→ WORK TO BE COMPLETED:
From the line containing "Lemma lower_packing_le0 (E" to the last line of the records below, repeat every line exactly and add nothing else.

→ SUPPLIED DATA:
(* Let $X$ be a separable metric space, $g$ a Hausdorff function and $E\subseteq X$. Then $\underline{\mathcal P}^g_0(E)=0$ if and only if $\underline{\mathcal B}^g_0(E)=0$.
   Context: In a metric space $(X,d)$: $\operatorname{gap}F=\inf\{d(x,y):x,y\in F,x\neq y\}$, $C_\delta(E)=\sup\{|F|:F\subseteq E,\operatorname{gap}F>\delta\}$. A Hausdorff function is a nondecreasing $g:(0,\infty)\to(0,\infty)$. A scale is a set $\Delta\subseteq(0,\infty)$ with $0$ in its closure. A packing is a family $\pi=\{(x_i,r_i):i\in I\}\subseteq X\times(0,\infty)$ with $d(x_i,x_j)>r_i$ for all $i\ne j$; it is a packing of $E$ if all $x_i\in E$, $\Delta$-valued if all $r_i\in\Delta$, $\delta$-fine if all $r_i\le\delta$; $g(\pi)=\sum_ig(r_i)$. $\mathcal P^g_{\Delta,0}(E)=\inf_{\delta>0}\sup\{g(\pi):\pi$ a $\Delta$-valued $\delta$-fine packing of $E\}$; $\underline{\mathcal P}^g_0(E)=\inf_\Delta\mathcal P^g_{\Delta,0}(E)$ (infimum over all scales); $\underline{\mathcal B}^g_0(E)=\liminf_{\delta\to0}C_\delta(E)g(\delta)$. *)

From HB Require Import structures.
From mathcomp Require Import all_boot all_order all_algebra.
From mathcomp Require Import all_classical all_reals.
From mathcomp Require Import ereal esum.
Set Implicit Arguments. Unset Strict Implicit. Unset Printing Implicit Defensive.
Import Order.TTheory GRing.Theory Num.Theory.
Local Open Scope classical_set_scope.
Local Open Scope ring_scope.
Local Open Scope ereal_scope.

Section Defs.
Variables (R : realType) (X : choiceType) (d : X -> X -> R).

Definition is_metric : Prop :=
  [/\ forall x y, (0 <= d x y)%R,
      forall x y, d x y = 0%R <-> x = y,
      forall x y, d x y = d y x &
      forall x y z, (d x z <= d x y + d y z)%R].

Definition separable : Prop :=
  exists S : set X, countable S /\
    forall x (e : R), (0 < e)%R -> exists2 s, S s & (d x s < e)%R.

Definition hausdorff_function (g : R -> R) : Prop :=
  (forall r, (0 < r)%R -> (0 < g r)%R) /\
  (forall r s, (0 < r)%R -> (r <= s)%R -> (g r <= g s)%R).

(* gap F = inf { d x y : x, y in F, x <> y }  (inf of empty set = +oo) *)
Definition gap (F : set X) : \bar R :=
  ereal_inf [set (d p.1 p.2)%:E | p in [set p : X * X | [/\ F p.1, F p.2 & p.1 <> p.2]]].

(* C_delta(E) = sup { |F| : F subset E, gap F > delta }, with |F| = +oo for
   infinite F *)
Definition Cdelta (delta : R) (E : set X) : \bar R :=
  ereal_sup ([set (n%:R)%:E | n in [set n : nat |
                exists F, [/\ F `<=` E, (F #= `I_n)%card & delta%:E < gap F]]]
             `|` [set x | x = +oo /\
                exists F, [/\ F `<=` E, infinite_set F & delta%:E < gap F]]).

Definition scale (Delta : set R) : Prop :=
  (forall r, Delta r -> (0 < r)%R) /\
  (forall e : R, (0 < e)%R -> exists2 r, Delta r & (r < e)%R).

(* a packing, represented as a set of (center, radius) pairs *)
Definition packing (P : set (X * R)) : Prop :=
  (forall p, P p -> (0 < p.2)%R) /\
  (forall p q, P p -> P q -> p <> q -> (p.2 < d p.1 q.1)%R).

Definition packing_of (E : set X) (Delta : set R) (delta : R)
    (P : set (X * R)) : Prop :=
  [/\ packing P, forall p, P p -> E p.1, forall p, P p -> Delta p.2 &
      forall p, P p -> (p.2 <= delta)%R].

Definition gpack (g : R -> R) (P : set (X * R)) : \bar R :=
  \esum_(p in P) (g p.2)%:E.

Definition packing_premeasure (g : R -> R) (Delta : set R) (E : set X)
    : \bar R :=
  ereal_inf [set ereal_sup [set gpack g P | P in packing_of E Delta delta]
            | delta in [set delta : R | (0 < delta)%R]].

Definition lower_packing (g : R -> R) (E : set X) : \bar R :=
  ereal_inf [set packing_premeasure g Delta E | Delta in scale].

Definition liminf0 (f : R -> \bar R) : \bar R :=
  ereal_sup [set ereal_inf [set f delta | delta in
                 [set delta : R | (0 < delta)%R /\ (delta < eps)%R]]
            | eps in [set eps : R | (0 < eps)%R]].

Definition lower_box (g : R -> R) (E : set X) : \bar R :=
  liminf0 (fun delta => Cdelta delta E * (g delta)%:E).

End Defs.

From HB Require Import structures.
From mathcomp Require Import all_boot all_order all_algebra.
From mathcomp Require Import all_classical all_reals.
From mathcomp Require Import ereal esum sequences finmap.
Set Implicit Arguments. Unset Strict Implicit. Unset Printing Implicit Defensive.
Import Order.TTheory GRing.Theory Num.Theory.
Local Open Scope classical_set_scope.
Local Open Scope ring_scope.

(* Each packing is the disjoint union of its levels {(x, r) in P}, r fixed; the
   centres of a level form a subset of E whose gap exceeds r, so a level
   contributes at most C_r(E) g(r).  If the lower box content vanishes we can
   choose radii r_n decreasing to 0 with C_{r_n}(E) g(r_n) < e / 2^(n+1); for the
   scale {r_n} every packing then has g-sum at most e.  Conversely, a finite set
   of gap > r with all radii r is itself a packing, so C_r(E) g(r) is bounded by
   the packing sums at every radius r of a scale: the lower box content never
   exceeds the lower packing content. *)

Lemma exists_decreasing_seq_to0 (R : realType) (Q : nat -> R -> Prop) :
  (forall n a, 0 < a -> exists2 r, 0 < r < a & Q n r) ->
  exists u : nat -> R, [/\ forall n, 0 < u n, forall n, u n < n.+1%:R^-1,
    forall n, u n.+1 < u n & forall n, Q n (u n)].
Proof.
move=> HQ.
have /choice[f Hf] : forall na : nat * R,
    exists r, 0 < na.2 -> 0 < r < na.2 /\ Q na.1 r.
  move=> [n a]; have [a0|a_le0] := boolP (0 < a).
    by have [r ra Qr] := HQ n a a0; exists r.
  by exists 0; rewrite (negbTE a_le0).
pose u := fix u n :=
  if n is m.+1 then f (n, Num.min (u m) n.+1%:R^-1) else f (0%N, 1).
have u_next n : 0 < u n ->
    [/\ 0 < u n.+1, u n.+1 < u n, u n.+1 < n.+2%:R^-1 & Q n.+1 (u n.+1)].
  move=> un0; have [] := Hf (n.+1, Num.min (u n) n.+2%:R^-1).
    by rewrite /= lt_min un0 invr_gt0 ltr0n.
  by rewrite /= lt_min => /andP[-> /andP[-> ->]].
have [u0_gt0 u0_lt1 Qu0] : [/\ 0 < u 0, u 0 < 1 & Q 0%N (u 0)].
  by have [] := Hf (0%N, 1) ltr01 => /andP[-> ->].
have u_gt0 n : 0 < u n by elim: n => [|n /u_next[]].
exists u; split => [//|[|n]|n|[|n]]; rewrite ?invr1 //;
  by have [] := u_next n (u_gt0 n).
Qed.

Lemma scale_range (R : realType) (u : nat -> R) :
  (forall n, 0 < u n) -> (forall n, u n < n.+1%:R^-1) -> scale (range u).
Proof.
move=> u_gt0 u_small; split=> [_ [n _ <-] //|e e0].
exists (u (Num.truncn e^-1)); first by exists (Num.truncn e^-1).
apply: lt_trans (u_small _) _.
by rewrite invf_plt ?posrE ?ltr0n //; exact: truncnS_gt.
Qed.

Local Open Scope ereal_scope.

Lemma sumEFin_const (R : realType) (I : Type) (s : seq I) (c : R) :
  \sum_(i <- s) c%:E = (c *+ size s)%:E.
Proof. by rewrite sumEFin big_const_seq count_predT iter_addr_0. Qed.

Section LowerContents.
Variables (R : realType) (X : choiceType) (d : X -> X -> R) (g : R -> R).

Lemma gap_le_dist (F : set X) x y : F x -> F y -> x <> y -> gap d F <= (d x y)%:E.
Proof. by move=> Fx Fy xy; apply: ereal_inf_lbound; exists (x, y). Qed.

Lemma le_gap {A B : set X} : A `<=` B -> gap d B <= gap d A.
Proof.
move=> AB; apply: ereal_inf_le_tmp => _ [p [Ap1 Ap2 p12] <-].
by exists p => //; split; [exact: AB|exact: AB|].
Qed.

Lemma lt_gap_fset (B : {fset X}) r :
  (forall x y, x \in B -> y \in B -> x != y -> (r < d x y)%R) ->
  r%:E < gap d [set` B].
Proof.
move=> Bd; pose pairs := [seq (x, y) | x <- B, y <- B].
pose m := \big[Order.min/+oo]_(p <- pairs | p.1 != p.2) (d p.1 p.2)%:E.
apply: (@lt_le_trans _ _ m).
  rewrite /m big_seq_cond; apply: lt_bigmin => [|[x y]]; first exact: ltry.
  by move=> /andP[/allpairsP[[x' y'] [/= xB yB [-> ->]]] xy]; rewrite lte_fin Bd.
apply/ereal_infP => _ [[x y] [/= xB yB xy] <-].
apply: (@ge_bigmin_seq _ _ _ _ _ (x, y)); last exact/eqP.
by apply/allpairsP; exists (x, y).
Qed.

Lemma Cdelta_ge_card (E : set X) (B : {fset X}) r : [set` B] `<=` E ->
  r%:E < gap d [set` B] -> (#|`B|%:R)%:E <= Cdelta d r E.
Proof.
move=> BE rB; apply: ereal_sup_ubound; left; exists #|`B| => //.
exists [set` B]; split => //; apply/fcard_eq; first exact: finite_fset.
  by apply/finite_setP; exists #|`B|.
by rewrite set_fsetK (card_fset_set (card_eqxx _)).
Qed.

Lemma Cdelta_ge0 (E : set X) r : 0 <= Cdelta d r E.
Proof.
have := @Cdelta_ge_card E fset0 r; rewrite cardfs0; apply => //.
exact: lt_gap_fset.
Qed.

Lemma Cdelta_le (E : set X) r (c : R) :
  (forall B : {fset X}, [set` B] `<=` E -> r%:E < gap d [set` B] ->
     (#|`B|%:R <= c)%R) -> Cdelta d r E <= c%:E.
Proof.
move=> Bc; apply: ge_ereal_sup => _ [[n [F [FE Fn rF]] <-]|[-> [F [FE Finf rF]]]].
  have finF : finite_set F by apply/finite_setP; exists n.
  by have := Bc (fset_set F); rewrite fset_setK // (card_fset_set Fn) lee_fin; apply.
exfalso; have [B BF Bsize] := infinite_set_fset (Num.truncn c).+1 Finf.
have := Bc B (subset_trans BF FE) (lt_le_trans rF (le_gap BF)).
apply/negP; rewrite -ltNge; apply: lt_le_trans (truncnS_gt c) _.
by rewrite ler_nat.
Qed.

Definition const_radius (B : {fset X}) (r : R) : set (X * R) :=
  [set` [fset (x, r) | x in B]%fset].

Lemma const_radius_packing_of (E : set X) (Delta : set R) delta
    (B : {fset X}) r :
  [set` B] `<=` E -> r%:E < gap d [set` B] -> (0 < r)%R -> Delta r ->
  (r <= delta)%R -> packing_of d E Delta delta (const_radius B r).
Proof.
move=> BE rB r0 Dr rdelta; split; try by move=> _ /imfsetP[x xB ->] //; exact: BE.
split=> [_ /imfsetP[x _ ->] //|_ _ /imfsetP[x xB ->] /imfsetP[y yB ->] /= xy].
rewrite -lte_fin (lt_le_trans rB) // gap_le_dist //.
by move=> exy; apply: xy; rewrite exy.
Qed.

Lemma gpack_const_radius (B : {fset X}) r : (0 <= g r)%R ->
  gpack g (const_radius B r) = (g r *+ #|`B|)%:E.
Proof.
move=> gr0; rewrite /gpack /const_radius esum_fset; first last.
- by move=> _ /set_mem /imfsetP[x _ ->]; rewrite lee_fin.
- exact: finite_fset.
rewrite fsbig_finite ?finite_fset // set_fsetK big_imfset /=.
  by rewrite sumEFin_const cardfE.
by move=> x y _ _ [].
Qed.

Lemma esum_level_le_Cdelta (E : set X) (P : set (X * R)) r :
  packing d P -> (forall p, P p -> E p.1) -> (0 <= g r)%R ->
  \esum_(p in [set p | P p /\ p.2 = r]) (g p.2)%:E <= Cdelta d r E * (g r)%:E.
Proof.
move=> [_ Pd] PE gr0; apply: ge_ereal_sup => _ [A [finA AP] <-].
have Alevel p : p \in fset_set A -> P p /\ p.2 = r.
  by rewrite in_fset_set // => /set_mem /AP.
rewrite fsbig_finite // (eq_big_seq (fun=> (g r)%:E)); last first.
  by move=> p /Alevel[_ ->].
pose B := [fset p.1 | p in fset_set A]%fset.
have cardB : #|`B| = size (fset_set A).
  rewrite card_in_imfset ?cardfE // => -[x a] [y b].
  by move=> /Alevel[_ /= ->] /Alevel[_ /= ->] /= ->.
rewrite sumEFin_const -cardB -mulr_natl EFinM lee_wpmul2r ?lee_fin //.
apply: Cdelta_ge_card => [x /imfsetP[p /Alevel[Pp _] ->]|]; first exact: PE.
apply: lt_gap_fset => x y /imfsetP[p /Alevel[Pp <-] ->] /imfsetP[q /Alevel[Pq _] ->].
by move=> pq; apply: Pd => // epq; move: pq; rewrite epq eqxx.
Qed.

Lemma Cdelta_mul_le_packing_sup (E : set X) (Delta : set R) delta r :
  Delta r -> (0 < r)%R -> (r <= delta)%R -> (0 < g r)%R ->
  Cdelta d r E * (g r)%:E <=
    ereal_sup [set gpack g P | P in packing_of d E Delta delta].
Proof.
move=> Dr r0 rdelta gr0.
have gpack_le P : packing_of d E Delta delta P ->
    gpack g P <= ereal_sup [set gpack g P | P in packing_of d E Delta delta].
  by move=> PP; apply: ereal_sup_ubound; exists P.
have pack_fset B : [set` B] `<=` E -> r%:E < gap d [set` B] ->
    packing_of d E Delta delta (const_radius B r).
  by move=> BE rB; apply: const_radius_packing_of.
have : (g r *+ #|`fset0 : {fset X}|)%:E <=
    ereal_sup [set gpack g P | P in packing_of d E Delta delta].
  rewrite -(gpack_const_radius _ (ltW gr0)).
  by apply: gpack_le; apply: pack_fset => [x|]; [rewrite /= inE|apply: lt_gap_fset].
rewrite cardfs0 mulr0n.
case: ereal_sup gpack_le => [s gpack_le _|_ _|_]; [|exact: leey|by rewrite leeNy_eq].
rewrite -lee_pdivlMr // -EFinM; apply: Cdelta_le => B BE rB.
have := gpack_le _ (pack_fset B BE rB).
by rewrite (gpack_const_radius _ (ltW gr0)) lee_fin ler_pdivlMr // mulr_natl.
Qed.

Lemma gpack_le_Cdelta_series (E : set X) (u : nat -> R) delta P :
  injective u -> (forall n, (0 < u n)%R) ->
  (forall r, (0 < r)%R -> (0 <= g r)%R) ->
  packing_of d E (range u) delta P ->
  gpack g P <= \sum_(0 <= n <oo) Cdelta d (u n) E * (g (u n))%:E.
Proof.
move=> u_inj u_gt0 g_ge0 [[P_gt0 Pd] PE Pu _].
(* [esum_bigcupT] needs a summand that is nonnegative everywhere, not only on P. *)
pose g0 (p : X * R) := (Num.max (g p.2) 0%R)%:E.
have g0_ge0 p : 0 <= g0 p by rewrite lee_fin le_max lexx orbT.
have g0E p : P p -> g0 p = (g p.2)%:E by move=> Pp; rewrite /g0 max_l ?g_ge0 ?P_gt0.
have -> : P = \bigcup_(n in setT) [set p | P p /\ p.2 = u n].
  apply/seteqP; split => [p Pp|p [n _ []] //].
  by have [n _ pn] := Pu p Pp; exists n.
rewrite /gpack (eq_esum (b := g0)) => [|p [n _ [Pp _]]]; last by rewrite g0E.
have levels_disj : trivIset setT (fun n => [set p | P p /\ p.2 = u n]).
  by move=> i j _ _ [p [[_ pi] [_ pj]]]; apply: u_inj; rewrite -pi -pj.
rewrite esum_bigcupT //.
rewrite -nneseries_esumT => [|n]; last exact: esum_ge0.
apply: lee_nneseries => [n _ _|n _]; first exact: esum_ge0.
rewrite (eq_esum (b := fun p => (g p.2)%:E)) => [|p [Pp _]]; last exact: g0E.
by apply: esum_level_le_Cdelta => //; rewrite ?g_ge0.
Qed.

Lemma lower_box_le_lower_packing (E : set X) :
  (forall r, (0 < r)%R -> (0 < g r)%R) -> lower_box d g E <= lower_packing d g E.
Proof.
move=> g_gt0; apply: ge_ereal_sup => _ [eps eps0 <-].
apply/ereal_infP => _ [Delta [Delta_gt0 Delta_small] <-].
apply/ereal_infP => _ [delta delta0 <-].
have [r Dr] : exists2 r, Delta r & (r < Num.min eps delta)%R.
  by apply: Delta_small; rewrite lt_min eps0 delta0.
rewrite lt_min => /andP[reps rdelta]; have r0 := Delta_gt0 r Dr.
apply: le_trans _ (Cdelta_mul_le_packing_sup E Dr r0 (ltW rdelta) (g_gt0 r r0)).
by apply: ereal_inf_lbound; exists r.
Qed.

Lemma lower_box_ge0 (E : set X) :
  (forall r, (0 < r)%R -> (0 <= g r)%R) -> 0 <= lower_box d g E.
Proof.
move=> g_ge0; apply: le_trans (ereal_sup_ubound _) => /=; last by exists 1%R.
apply/ereal_infP => _ [r [r0 _] <-].
by rewrite mule_ge0 ?Cdelta_ge0 ?lee_fin ?g_ge0.
Qed.

Lemma lower_packing_ge0 (E : set X) : 0 <= lower_packing d g E.
Proof.
apply/ereal_infP => _ [Delta _ <-]; apply/ereal_infP => _ [delta _ <-].
apply: le_trans (ereal_sup_ubound _); last by exists set0.
by rewrite /gpack esum_set0.
Qed.

Lemma lower_packing_le0 (E : set X) : (forall r, (0 < r)%R -> (0 < g r)%R) ->
  lower_box d g E = 0 -> lower_packing d g E <= 0.
Proof.
move=> g_gt0 box0; apply/lee_addgt0Pr => e e0; rewrite add0e.
have small_level n a : (0 < a)%R -> exists2 r, (0 < r < a)%R &
    Cdelta d r E * (g r)%:E < (e / (2 ^ n.+1)%:R)%:E.
  move=> a0; have : ereal_inf [set Cdelta d r E * (g r)%:E
      | r in [set r | (0 < r)%R /\ (r < a)%R]] < (e / (2 ^ n.+1)%:R)%:E.
    apply: le_lt_trans (_ : _ <= lower_box d g E) _.
      by apply: ereal_sup_ubound; exists a.
    by rewrite box0 lte_fin divr_gt0 // ltr0n expn_gt0.
  by move=> /ereal_inf_lt[_ [r [r0 ra] <-] ?]; exists r; rewrite ?r0 ?ra.
have [u [u_gt0 u_small u_decr u_level]] := exists_decreasing_seq_to0 small_level.
have u_inj : injective u by apply/dec_inj/Order.NatMonotonyTheory.decnP.
apply: le_trans (ereal_inf_lbound _) _.
  by exists (range u) => //; exact: scale_range u_gt0 u_small.
apply: le_trans (ereal_inf_lbound _) _; first by exists 1%R => /=.
apply: ge_ereal_sup => _ [P PP <-].
apply: le_trans (gpack_le_Cdelta_series u_inj u_gt0 _ PP) _.
  by move=> r /g_gt0/ltW.
apply: le_trans (epsilon_trick0 xpredT (ltW e0)).
apply: lee_nneseries => [n _ _|n _]; last exact/ltW/u_level.
by rewrite mule_ge0 ?Cdelta_ge0 ?lee_fin ?ltW ?g_gt0.
Qed.

End LowerContents.

Theorem proposition2p11 (R : realType) (X : choiceType) (d : X -> X -> R)
    (g : R -> R) (E : set X) :
  is_metric d -> separable d -> hausdorff_function g ->
  (lower_packing d g E = 0 <-> lower_box d g E = 0).
Proof.
move=> _ _ [g_gt0 _]; have g_ge0 r : (0 < r)%R -> (0 <= g r)%R by move/g_gt0/ltW.
split => [pack0|box0]; apply/eqP; rewrite eq_le.
  by rewrite lower_box_ge0 // -pack0 lower_box_le_lower_packing.
by rewrite lower_packing_le0 // lower_packing_ge0.
Qed.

→ WRITTEN ANSWER:
Lemma lower_packing_le0 (E : set X) : (forall r, (0 < r)%R -> (0 < g r)%R) ->
  lower_box d g E = 0 -> lower_packing d g E <= 0.
Proof.
move=> g_gt0 box0; apply/lee_addgt0Pr => e e0; rewrite add0e.
have small_level n a : (0 < a)%R -> exists2 r, (0 < r < a)%R &
    Cdelta d r E * (g r)%:E < (e / (2 ^ n.+1)%:R)%:E.
  move=> a0; have : ereal_inf [set Cdelta d r E * (g r)%:E
      | r in [set r | (0 < r)%R /\ (r < a)%R]] < (e / (2 ^ n.+1)%:R)%:E.
    apply: le_lt_trans (_ : _ <= lower_box d g E) _.
      by apply: ereal_sup_ubound; exists a.
    by rewrite box0 lte_fin divr_gt0 // ltr0n expn_gt0.
  by move=> /ereal_inf_lt[_ [r [r0 ra] <-] ?]; exists r; rewrite ?r0 ?ra.
have [u [u_gt0 u_small u_decr u_level]] := exists_decreasing_seq_to0 small_level.
have u_inj : injective u by apply/dec_inj/Order.NatMonotonyTheory.decnP.
apply: le_trans (ereal_inf_lbound _) _.
  by exists (range u) => //; exact: scale_range u_gt0 u_small.
apply: le_trans (ereal_inf_lbound _) _; first by exists 1%R => /=.
apply: ge_ereal_sup => _ [P PP <-].
apply: le_trans (gpack_le_Cdelta_series u_inj u_gt0 _ PP) _.
  by move=> r /g_gt0/ltW.
apply: le_trans (epsilon_trick0 xpredT (ltW e0)).
apply: lee_nneseries => [n _ _|n _]; last exact/ltW/u_level.
by rewrite mule_ge0 ?Cdelta_ge0 ?lee_fin ?ltW ?g_gt0.
Qed.

End LowerContents.

Theorem proposition2p11 (R : realType) (X : choiceType) (d : X -> X -> R)
    (g : R -> R) (E : set X) :
  is_metric d -> separable d -> hausdorff_function g ->
  (lower_packing d g E = 0 <-> lower_box d g E = 0).
Proof.
move=> _ _ [g_gt0 _]; have g_ge0 r : (0 < r)%R -> (0 <= g r)%R by move/g_gt0/ltW.
split => [pack0|box0]; apply/eqP; rewrite eq_le.
  by rewrite lower_box_ge0 // -pack0 lower_box_le_lower_packing.
by rewrite lower_packing_le0 // lower_packing_ge0.
Qed.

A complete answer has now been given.